Штрудель отнесся к этой дружбе недовольно-ревниво. "Да они примитивные обезьяны, а строют из себя иудеев, -- ворчал он. – Просто ты русский и не понимаешь. А может, тебе все равно." – "Может быть..." – задумчиво отвечал ему Иван, с грустным удивлением чувствуя, что "примитивные обезьяны" Нисим и Шимон своим непосредственным желанием все узнать и принять становятся ближе его сердцу, чем вечно критически брюзжащий Штрудель.                      
 
И к кому же еще мог бы Иван обратиться с просьбой встретить и на некоторое время занять разговором Сладчайшую? "Они литераторы? Пишут?" -- серьезно спросила леди Евдокия. "Что, литераторы? -- удивленно переспросил Иван, но времени для объяснений не было, и он успокоил ее, -- Литераторы, да. Ивритоязычные литераторы. Кем же еще им быть." "А что же они на автовокзале делают?" -- насторожилась Сладчайшая. "Ну, как что?
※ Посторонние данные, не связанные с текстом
(* Let $q\in\,]0,1[$, $\omega\ge 0$, let $I$ be an interval containing $\omega_0:=\omega/(1-q)$, and let $f:I\to\mathbb{R}$ be continuous at $\omega_0$. For $x\in I$ define $F(x):=\int_{\omega_0}^{x}f(t)\,\tilde d_{q,\omega}t$. Then $F$ is continuous at $\omega_0$, and $\tilde D_{q,\omega}[F](x)$ exists for every $x\in I^{q,\omega}$ with $\tilde D_{q,\omega}[F](x)=f(x)$. Conversely, $$\int_a^b\tilde D_{q,\omega}[f](t)\,\tilde d_{q,\omega}t=f(b)-f(a)$$ for all $a,b\in I$.
   Context: $\sigma(t):=qt+\omega$, $\sigma^{-1}(t):=q^{-1}(t-\omega)$, $\sigma^k$ is the $k$-fold composition of $\sigma$, $f^{\sigma^k}:=f\circ\sigma^k$, and $I^{q,\omega}:=\{qt+\omega:t\in I\}$. Hahn symmetric derivative: for $t\in I^{q,\omega}\setminus\{\omega_0\}$, $\tilde D_{q,\omega}[f](t):=\frac{f(\sigma(t))-f(\sigma^{-1}(t))}{\sigma(t)-\sigma^{-1}(t)}$, and $\tilde D_{q,\omega}[f](\omega_0):=f'(\omega_0)$ (classical derivative) provided $f$ is differentiable at $\omega_0$. Hahn symmetric integral: for $x\in I$, $$\int_{\omega_0}^x f(t)\,\tilde d_{q,\omega}t:=\bigl(\sigma^{-1}(x)-\sigma(x)\bigr)\sum_{n=0}^{\infty}q^{2n+1}f(\sigma^{2n+1}(x)),$$ and for $a,b\in I$, $\int_a^b f(t)\,\tilde d_{q,\omega}t:=\int_{\omega_0}^b f(t)\,\tilde d_{q,\omega}t-\int_{\omega_0}^a f(t)\,\tilde d_{q,\omega}t$, provided the series converge at $x=a$ and $x=b$. *)

From HB Require Import structures.
From mathcomp Require Import all_boot all_order all_algebra.
From mathcomp Require Import all_classical all_reals all_analysis.
Set Implicit Arguments. Unset Strict Implicit. Unset Printing Implicit Defensive.
Import Order.TTheory GRing.Theory Num.Theory.
Import numFieldNormedType.Exports.
Local Open Scope classical_set_scope.
Local Open Scope ring_scope.

Section Hahn.
Variable R : realType.

Definition hsigma (q w t : R) : R := q * t + w.
Definition hsigma_inv (q w t : R) : R := q^-1 * (t - w).
Definition hsigma_iter (q w : R) (k : nat) (t : R) : R := iter k (hsigma q w) t.
Definition homega0 (q w : R) : R := w / (1 - q).
Definition hImage (q w : R) (I : set R) : set R := hsigma q w @` I.

Definition hint_term (q w : R) (f : R -> R) (x : R) (n : nat) : R :=
  q ^+ (2 * n + 1) * f (hsigma_iter q w (2 * n + 1) x).

Definition hint0_exists (q w : R) (f : R -> R) (x : R) : Prop :=
  cvgn (series (hint_term q w f x)).

(* int_{omega_0}^x f(t) d~_{q,omega} t
   = (sigma^{-1}(x) - sigma(x)) * sum_{n>=0} q^{2n+1} f(sigma^{2n+1}(x))
   (meaningful when hint0_exists holds) *)
Definition hint0 (q w : R) (f : R -> R) (x : R) : R :=
  (hsigma_inv q w x - hsigma q w x) * limn (series (hint_term q w f x)).

Definition hint (q w : R) (f : R -> R) (a b : R) : R :=
  hint0 q w f b - hint0 q w f a.

Definition hsymq (q w : R) (f : R -> R) (t : R) : R :=
  (f (hsigma q w t) - f (hsigma_inv q w t)) /
  (hsigma q w t - hsigma_inv q w t).

Definition hdq0 (q w : R) (f : R -> R) (x : R) : R :=
  (f x - f (homega0 q w)) / (x - homega0 q w).

Definition hat0 (q w : R) (I : set R) :=
  within [set x | I x /\ x != homega0 q w] (nbhs (homega0 q w)).

(* "D~_{q,omega}[f](t) exists and equals l": for t <> omega_0 this is the
   symmetric difference quotient; at omega_0 it is the classical derivative
   of f (on I) at omega_0. *)
Definition is_hsymD (q w : R) (I : set R) (f : R -> R) (t l : R) : Prop :=
  if t == homega0 q w then hdq0 q w f x @[x --> hat0 q w I] --> l
  else hsymq q w f t = l.

(* D~_{q,omega}[f] as a total function (at omega_0: the limit of the
   classical difference quotient, an arbitrary value if it does not exist) *)
Definition hsymD (q w : R) (I : set R) (f : R -> R) (t : R) : R :=
  if t == homega0 q w then lim (hdq0 q w f x @[x --> hat0 q w I])
  else hsymq q w f t.

End Hahn.

From HB Require Import structures.
From mathcomp Require Import all_boot all_order all_algebra.
From mathcomp Require Import all_classical all_reals all_analysis.
From mathcomp Require Import ring lra.
Import Order.TTheory GRing.Theory Num.Theory.
Import numFieldNormedType.Exports.
Local Open Scope classical_set_scope.
Local Open Scope ring_scope.

(* sigma is the contraction of ratio q about its fixed point omega_0, so
   sigma^k x = omega_0 + q^k (x - omega_0) and sigma^{-1} x - sigma x =
   (q^-1 - q)(x - omega_0).  Since sum_n q^{2n+1} = q / (1 - q^2) is the
   reciprocal of q^-1 - q, the integral F(x) differs from (x - omega_0) f(omega_0)
   by at most |x - omega_0| sup_k |f(sigma^k x) - f(omega_0)|, which continuity
   of f at omega_0 makes small: this gives the existence of F, its continuity at
   omega_0 and F'(omega_0) = f(omega_0).  Away from omega_0, dropping the first
   term of the series gives F(y) - F(sigma^2 y) = (y - sigma^2 y) f(sigma y),
   which is the symmetric derivative identity at sigma y.  Conversely, the series
   defining the integral of D~[f] telescopes along the even iterates
   sigma^{2n} x, whose values f(sigma^{2n} x) tend to f(omega_0). *)

Lemma cvg_series_norm_le {R : realType} {u v : R ^nat} :
  (forall n, `|u n| <= v n) -> cvgn (series v) ->
  cvgn (series u) /\ `|limn (series u)| <= limn (series v).
Proof.
move=> uv cv.
have cn : cvgn [normed series u].
  by apply: (series_le_cvg _ _ uv cv) => n //; exact: le_trans (uv n).
split; first exact: normed_cvg.
exact: le_trans (lim_series_norm cn) (lim_series_le _ _ _).
Qed.

Lemma cvg_series_odd_powers {R : archiRealFieldType} (q : R) : 0 < q < 1 ->
  series (fun n : nat => q ^+ (2 * n + 1)) @ \oo --> q / (1 - q ^+ 2).
Proof.
move=> /andP[q_gt0 q_lt1].
have -> : (fun n : nat => q ^+ (2 * n + 1)) = geometric q (q ^+ 2).
  by apply/funext => n /=; rewrite addn1 exprS exprM.
by apply: cvg_geometric_series; rewrite ger0_norm ?exprn_ge0 ?ltW //; nra.
Qed.

Lemma cvg_series_tail {K : numFieldType} {V : normedModType K} (u : V ^nat)
    (l : V) :
  series u @ \oo --> l -> series (fun n => u n.+1) @ \oo --> l - u 0%N.
Proof.
move=> ul.
have -> : series (fun n => u n.+1) = (fun n => series u n.+1 - u 0%N).
  by apply/funext => n; rewrite !seriesEord /= big_ord_recl addrC addKr.
by apply: cvgB (cvg_cst _); rewrite (cvg_shiftS (series u)).
Qed.

Section HahnSeries.
Context {R : realType} {q w : R}.
Hypothesis q01 : 0 < q < 1.
Local Notation w0 := (homega0 q w).
Implicit Types (g : R -> R) (I : set R).

Let q_gt0 : 0 < q. Proof. by case/andP: q01. Qed.
Let q_lt1 : q < 1. Proof. by case/andP: q01. Qed.
Let q_neq0 : q != 0. Proof. by rewrite gt_eqF. Qed.
Let sqrq_lt1 : q ^+ 2 < 1.
Proof. by rewrite expr2; case/andP: q01 => ? ?; nra. Qed.

Lemma hsigmaE t : hsigma q w t = q * (t - w0) + w0.
Proof. by rewrite /hsigma /homega0; field; rewrite subr_eq0 eq_sym lt_eqF. Qed.

Lemma hsigma_invE t : hsigma_inv q w t = (t - w0) / q + w0.
Proof.
by rewrite /hsigma_inv /homega0; field; rewrite q_neq0 subr_eq0 eq_sym lt_eqF.
Qed.

Lemma hsigmaK : cancel (hsigma q w) (hsigma_inv q w).
Proof. by move=> t; rewrite /hsigma_inv /hsigma addrK mulKf. Qed.

Lemma hsigma_iterE k t : hsigma_iter q w k t = q ^+ k * (t - w0) + w0.
Proof.
elim: k => [|k IHk]; first by rewrite /hsigma_iter expr0 mul1r subrK.
rewrite /hsigma_iter iterS -/(hsigma_iter q w k t) hsigmaE IHk.
by rewrite addrK exprS mulrA.
Qed.

Lemma hsigma_iter_omega0 k : hsigma_iter q w k w0 = w0.
Proof. by rewrite hsigma_iterE subrr mulr0 add0r. Qed.

Lemma dist_hsigma_iter k t : `|hsigma_iter q w k t - w0| <= `|t - w0|.
Proof.
rewrite hsigma_iterE addrK normrM (ger0_norm (exprn_ge0 _ (ltW q_gt0))).
by rewrite ler_piMl // exprn_ile1 // ltW.
Qed.

Lemma hsigma_iter_interval I k t :
  is_interval I -> I w0 -> I t -> I (hsigma_iter q w k t).
Proof.
move=> I_itv I_w0 It; rewrite hsigma_iterE.
have qk_ge0 : 0 <= q ^+ k by rewrite exprn_ge0 // ltW.
have qk_le1 : q ^+ k <= 1 by rewrite exprn_ile1 // ltW.
have [tw|wt] := leP t w0.
- by apply: (I_itv t w0) => //; apply/andP; split; nra.
- by apply: (I_itv w0 t) => //; apply/andP; split; nra.
Qed.

Lemma cvg_hsigma_iter t : hsigma_iter q w k t @[k --> \oo] --> w0.
Proof.
have -> : (fun k => hsigma_iter q w k t) = (fun k => q ^+ k * (t - w0) + w0).
  by apply/funext => k; exact: hsigma_iterE.
have qk : q ^+ k @[k --> \oo] --> 0 by apply: cvg_expr; rewrite gtr0_norm.
rewrite -[X in _ --> X]add0r -(mul0r (t - w0)).
by apply: cvgD; [exact: cvgMr_tmp | exact: cvg_cst].
Qed.

Lemma hint0E g x :
  hint0 q w g x = (1 - q ^+ 2) / q * (x - w0) * limn (series (hint_term q w g x)).
Proof. by rewrite /hint0 hsigmaE hsigma_invE; field. Qed.

Lemma hint0_omega0 g : hint0 q w g w0 = 0.
Proof. by rewrite hint0E subrr mulr0 mul0r. Qed.

Lemma hint_series_approx {g x} {M : R} :
  (forall k, `|g (hsigma_iter q w k x) - g w0| <= M) ->
  hint0_exists q w g x /\
  `|limn (series (hint_term q w g x)) - g w0 * (q / (1 - q ^+ 2))|
    <= M * (q / (1 - q ^+ 2)).
Proof.
move=> gM; rewrite /hint0_exists; set Q := q / (1 - q ^+ 2).
pose odd_pow n := q ^+ (2 * n + 1).
pose dev n := odd_pow n * (g (hsigma_iter q w (2 * n + 1) x) - g w0).
have odd_powQ : series odd_pow @ \oo --> Q := cvg_series_odd_powers q q01.
have odd_pow_cvg : cvgn (series odd_pow) by apply/cvg_ex; exists Q.
have dev_le n : `|dev n| <= (M *: odd_pow) n.
  have odd_pow_ge0 : 0 <= odd_pow n by rewrite exprn_ge0 // ltW.
  by rewrite normrM ger0_norm // mulrC; exact: ler_wpM2r (gM _).
have [dev_cvg dev_lim] :=
  cvg_series_norm_le dev_le (is_cvg_seriesZ (k := M) odd_pow_cvg).
have -> : hint_term q w g x = g w0 *: odd_pow + dev.
  apply/funext => n.
  have -> : (g w0 *: odd_pow + dev) n = g w0 * odd_pow n + dev n by [].
  by rewrite /hint_term /dev /odd_pow; ring.
have gQ_cvg := is_cvg_seriesZ (k := g w0) odd_pow_cvg.
split; first exact: is_cvg_seriesD.
rewrite lim_seriesD // lim_seriesZ // (cvg_lim _ odd_powQ) // addrC addKr.
by rewrite lim_seriesZ // (cvg_lim _ odd_powQ) in dev_lim.
Qed.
Один там работает -- литературой-то нынче не больно прокормишься -- а другой с ним все время... Это они специально, понимаешь? Так сказать, от мудрости народной почерпывают, жизни в глаза смотрят." "А-а-а," -- понимающе протянула Сладчайшая. "Только, Дусь, как же вы узнаете-то друг друга?" -- спохватился Иван. "Я в лимузине приеду -- серый такой, большой -- в Беэр Шеве точно таких нет. Так что, они сразу увидят." "В лимузине? Совсем, Дусь, спятила, что ли?" "Да ты... Ты одичал, Вань, в пустыне своей с обезьянами. Мне положено так -- я же почти официальное лицо," -- объяснила Сладчайшая.  "Ну-ну, в лимузине -- так в лимузине," -- согласился Иван. "Ванечка, а ты мне писал что-нибудь?" -- вкрадчиво спросила Сладчайшая. "Писал... Кому ж еще-то я писал бы..." -- серьезно ответил Иван. "Ну, прочитай." - "Да это долго, Дусь, а у меня еще дел уйма. Потом лучше, как приедешь." "А ты короткое что-нибудь," -- не отставала она. Бес щекотнул Ивана, и он, имитируя "кавказский" акцент, продекламировал первую, пришедшую в голову, глупость: "Если ви нэ атдадитесь мнэ, нэ налью вам болше "кабернэ"." "Дурак, -- обиделась Сладчайшая, -- Давай другое." "Ну ла-адно, -- примирительно протянул Иван и, уже без акцента, голосом мечтательно-проникновенным пропел, -- О, я бы Вас и так и эдак... Но краток встречи миг и редок." "Ты гений, -- нежно выдохнула в трубку Сладчайшая и низким глухим шепотом, шепотом жестокой ивановой богини, от которого у него прошла дрожь по коже, прошептала, -- Соску-училась. Хочу тебя  -- в глазах темно."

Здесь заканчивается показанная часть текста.